| Quote #1 Punishment without judgment is bearable. It has a name, besides, that guarantees our innocence: it is called misfortune (4.4). |
A term like "misfortune" would "guarantee innocence" because it means that our guilt isn’t our own fault. As Jean-Baptiste argues, criminals don’t want to take responsibility for their crimes. Of course, Jean-Baptiste isn’t exactly begging to take responsibility for his own actions.
| Quote #2 As for me, the injustice was even greater: I was condemned for past successes. For a long time I had lived in the illusion of a general agreement, whereas, from all sides, judgments, arrows, mockeries rained upon me, inattentive and smiling. The day I was alerted I became lucid; I received all the wounds at the same time and lost my strength all at once. The whole universe then began to laugh at me (4.9). |
Jean-Baptiste makes it clear that the laughter he heard coming from the water had to do with his being judged and ridiculed. Now this part is interesting: he realized himself that he was morally reprehensible (for not trying to save the woman on the bridge). But he ascribes his self-judgment to others. That is, because he judges himself to be a jerk, he assumes the rest of the world sees him that way.

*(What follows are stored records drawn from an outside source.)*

Lemma count_eig_ge : (1 <= d)%nat -> forall u N,
  (forall k, (k < N)%nat -> exp (- u) <= mu k) -> INR N * exp (- u) <= 1.
Proof.
  intros Hd u N HN. destruct (sumL_rearr_le_Box Hd (seq 0 N) (seq_NoDup _ _)) as [M HM].
  assert (Hmass : sumL mu (seq 0 N) <= sumL (tensor_eig p) (Box d M))
    by exact (HM (fun v => v) (fun v Hv => Rlt_le _ _ Hv)).
  rewrite sumL_Box_tensor_eig in Hmass.
  assert (sumL p (seq 0 M) ^ d <= 1).
  { rewrite <- (pow1 d). apply pow_incr. split; [apply sumL_nonneg; auto | apply sumL_p_le1]. }
  assert (sumL (fun _ => exp (- u)) (seq 0 N) <= sumL mu (seq 0 N)).
  { apply sumL_le. intros j Hj. apply in_seq in Hj. apply HN; lia. }
  rewrite sumL_const, length_seq in *. lra.
Qed.

Lemma tail_le_of_Box : (1 <= d)%nat -> forall u N0,
  (forall j, (N0 <= j)%nat -> mu j < exp (- u)) ->
  (forall M, sumL (tensor_eig_lt p u) (Box d M) <= eps ^ 2) -> tail_le mu N0 eps.
Proof.
  intros Hd u N0 Hsmall HBox. destruct mu_rearr as [Hnn _].
  assert (Hpartial : forall J, sum_f_R0 (fun j => mu (N0 + j)%nat) J <= eps ^ 2).
  { intros J. rewrite sum_f_R0_sumL, sumL_seq_shift.
    destruct (sumL_rearr_le_Box Hd (seq N0 (S J)) (seq_NoDup _ _)) as [M HM].
    eapply Rle_trans; [| apply (HBox M)].
    specialize (HM (fun v => if Rlt_dec v (exp (- u)) then v else 0)).
    rewrite (sumL_ext _ mu) in HM; [apply HM; intros v Hv; destruct (Rlt_dec _ _); lra |].
    intros j Hj. apply in_seq in Hj. destruct (Rlt_dec _ _) as [| Hn]; auto.
    exfalso. apply Hn, Hsmall. lia. }
  destruct (growing_cv (sum_f_R0 (fun j => mu (N0 + j)%nat))) as [s Hs].
  - intros J. simpl. specialize (Hnn (N0 + S J)%nat). lra.
  - exists (eps ^ 2). intros x [J ->]. apply Hpartial.
  - exists s. split; [exact Hs |].
    apply (Rle_cv_lim (Un := sum_f_R0 (fun j => mu (N0 + j)%nat)) (Vn := fun _ => eps ^ 2)); auto.
    intros e He. exists O. intros m _. unfold R_dist. rewrite Rminus_diag, Rabs_R0. exact He.
Qed.

(* At most [exp u] eigenvalues reach [exp (- u)], and the rest have tail sum at most [eps ^ 2]. *)
Lemma ln_complexity_le_of_Box : (1 <= d)%nat -> forall u, 0 < u ->
  (forall M, sumL (tensor_eig_lt p u) (Box d M) <= eps ^ 2) -> ln (INR n) <= u.
Proof.
  intros Hd u Hu HBox. destruct mu_rearr as [_ [Hm _]].
  assert (Hex : exists k, mu k < exp (- u)).
  { apply NNPP. intros Hnone. destruct (INR_unbounded (exp u)) as [N HN].
    assert (INR N * exp (- u) <= 1).
    { apply (count_eig_ge Hd). intros k _. apply Rnot_lt_le. intros H. apply Hnone; eauto. }
    assert (exp u * exp (- u) < INR N * exp (- u)) by (apply Rmult_lt_compat_r; auto; apply exp_pos).
    rewrite <- exp_plus, Rplus_opp_r, exp_0 in *. lra. }
  destruct (least_witness _ Hex) as [N0 [HN0 HN0']].
  assert (Hcount : INR N0 * exp (- u) <= 1).
  { apply (count_eig_ge Hd). intros k Hk. apply Rnot_lt_le, HN0'; auto. }
  assert (HnN0 : (n <= N0)%nat).
  { destruct (Nat.le_gt_cases n N0) as [| Hlt]; auto. exfalso. apply (proj2 n_complexity N0 Hlt).
    apply (tail_le_of_Box Hd u); auto.
    intros j Hj. assert (mu j <= mu N0) by (apply noninc_le; auto). lra. }
  assert (Hn : INR n <= exp u).
  { apply le_INR in HnN0. rewrite exp_Ropp in Hcount.
    apply (Rmult_le_compat_r (exp u)) in Hcount; [| left; apply exp_pos].
    rewrite Rmult_assoc, Rinv_l, Rmult_1_r, Rmult_1_l in Hcount by apply exp_neq_0. lra. }
  destruct (Rlt_dec 0 (INR n)) as [Hpos | Hpos].
  - rewrite <- (ln_exp u). apply ln_le_ln; auto.
  - unfold ln. destruct (Rlt_dec 0 (INR n)); [contradiction | lra].
Qed.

| Quote #3 From this point of view, we are all like that little Frenchman at Buchenwald who insisted on registering a complaint with the clerk, himself a prisoner, who was recording his arrival. A complaint? The clerk and his comrades laughed: "Useless, old man. You don’t lodge a complaint here." "But you see, sir," said the little Frenchman, "my case is exceptional. I am innocent!" |
Jean-Baptiste will later question this need for innocence, with what is an essence a "Why bother?" attack. It’s much easier, he notes, to just proclaim your own guilt. Then you never have to get judged, and you can continue to act like a criminal.